**Task directions:** Here are the records. Write out exactly the lines between the one holding "(* A tabloid" and the one holding "Definition shape (A", inclusive.

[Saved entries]

————

(* Let $G=\{(1),(12)(34),(13)(24),(14)(23)\}\le S_4$, whose normalizer in $S_4$ is $S_4$. The homomorphism $S_4\to Aut_0(T_{4;G})$, $\nu\mapsto\hat\nu$, has kernel $G$ and image (the group of hidden symmetries) of order $6$, isomorphic to $S_3$. Writing $P_{ij}$ for the $G$-orbit of $(\{i,j\},\{k,l\})$ in $T_{(2^2)}$ and $Q_{ij}$ for the $G$-orbit of $(\{i,j\},\{k\},\{l\})$ in $T_{(2,1^2)}$ (where $\{i,j,k,l\}=\{1,2,3,4\}$; note $P_{ij}=P_{kl}$, $Q_{ij}=Q_{kl}$), one has: $\hat\nu(P_{ij})=P_{\nu(i)\nu(j)}$ and $\hat\nu(Q_{ij})=Q_{\nu(i)\nu(j)}$; in particular $\widehat{(13)}$ interchanges $P_{12}$ and $P_{14}$ and fixes $P_{13}$, and likewise interchanges $Q_{12}$ and $Q_{14}$ and fixes $Q_{13}$. Moreover, for each transposition $\nu$ the automorphism $\hat\nu$ acts on the six elements of $T_{(1^4);G}$ as a product of three disjoint transpositions, and for each $3$-cycle $\nu$ it acts on them as a product of two disjoint $3$-cycles.
   Context: For a partition $\lambda=(\lambda_1\ge\dots\ge\lambda_k>0)$ of $4$, a tabloid of shape $\lambda$ is a sequence $A=(A_1,\dots,A_k)$ of pairwise disjoint subsets of $\{1,2,3,4\}$ with $|A_i|=\lambda_i$; $T_\lambda$ is their set. $S_4$ acts by $\zeta A=(\zeta(A_1),\dots,\zeta(A_k))$. Tabloids are partially ordered by $A\le B$ iff $A_1\cup\dots\cup A_i\subseteq B_1\cup\dots\cup B_i$ for all $i\ge1$ (missing rows empty); $T_{\lambda;G}$ is the set of $G$-orbits in $T_\lambda$, $T_{4;G}$ the set of all $G$-orbits of tabloids, ordered by $a\le b$ iff there are $A\in a$, $B\in b$ with $A\le B$. $Aut_0(T_{4;G})$ is the group of order-automorphisms of $T_{4;G}$ mapping each $T_{\mu;G}$ onto itself. For $\nu$ normalizing $G$, $\hat\nu$ is the map $O_G(A)\mapsto O_G(\nu A)$. *)

(* Points {1,2,3,4} of the paper are 'I_4 = {0,1,2,3}
   (paper's k is our k-1). *)
From mathcomp Require Import all_boot all_fingroup.
Set Implicit Arguments. Unset Strict Implicit. Unset Printing Implicit Defensive.

(* A tabloid of 4 is stored as a 4-row function, rows beyond the length of
   the shape being empty ("missing rows empty"). *)
Definition tab := {ffun 'I_4 -> {set 'I_4}}.

Definition shape (A : tab) : seq nat := [seq #|A i| | i <- enum 'I_4].

(* lambda is a partition of 4, padded with zeros to length 4 *)
Definition partition4 (lam : seq nat) : bool :=
  [&& size lam == 4, sorted geq lam & sumn lam == 4].

Definition rows_disjoint (A : tab) : bool :=
  [forall i, forall j, (i != j) ==> [disjoint A i & A j]].

Definition Tshape (lam : seq nat) : {set tab} :=
  [set A : tab | (shape A == lam) && rows_disjoint A].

————

**Answer section:**
(* A tabloid of 4 is stored as a 4-row function, rows beyond the length of
   the shape being empty ("missing rows empty"). *)
Definition tab := {ffun 'I_4 -> {set 'I_4}}.

Definition shape (A : tab) : seq nat := [seq #|A i| | i <- enum 'I_4].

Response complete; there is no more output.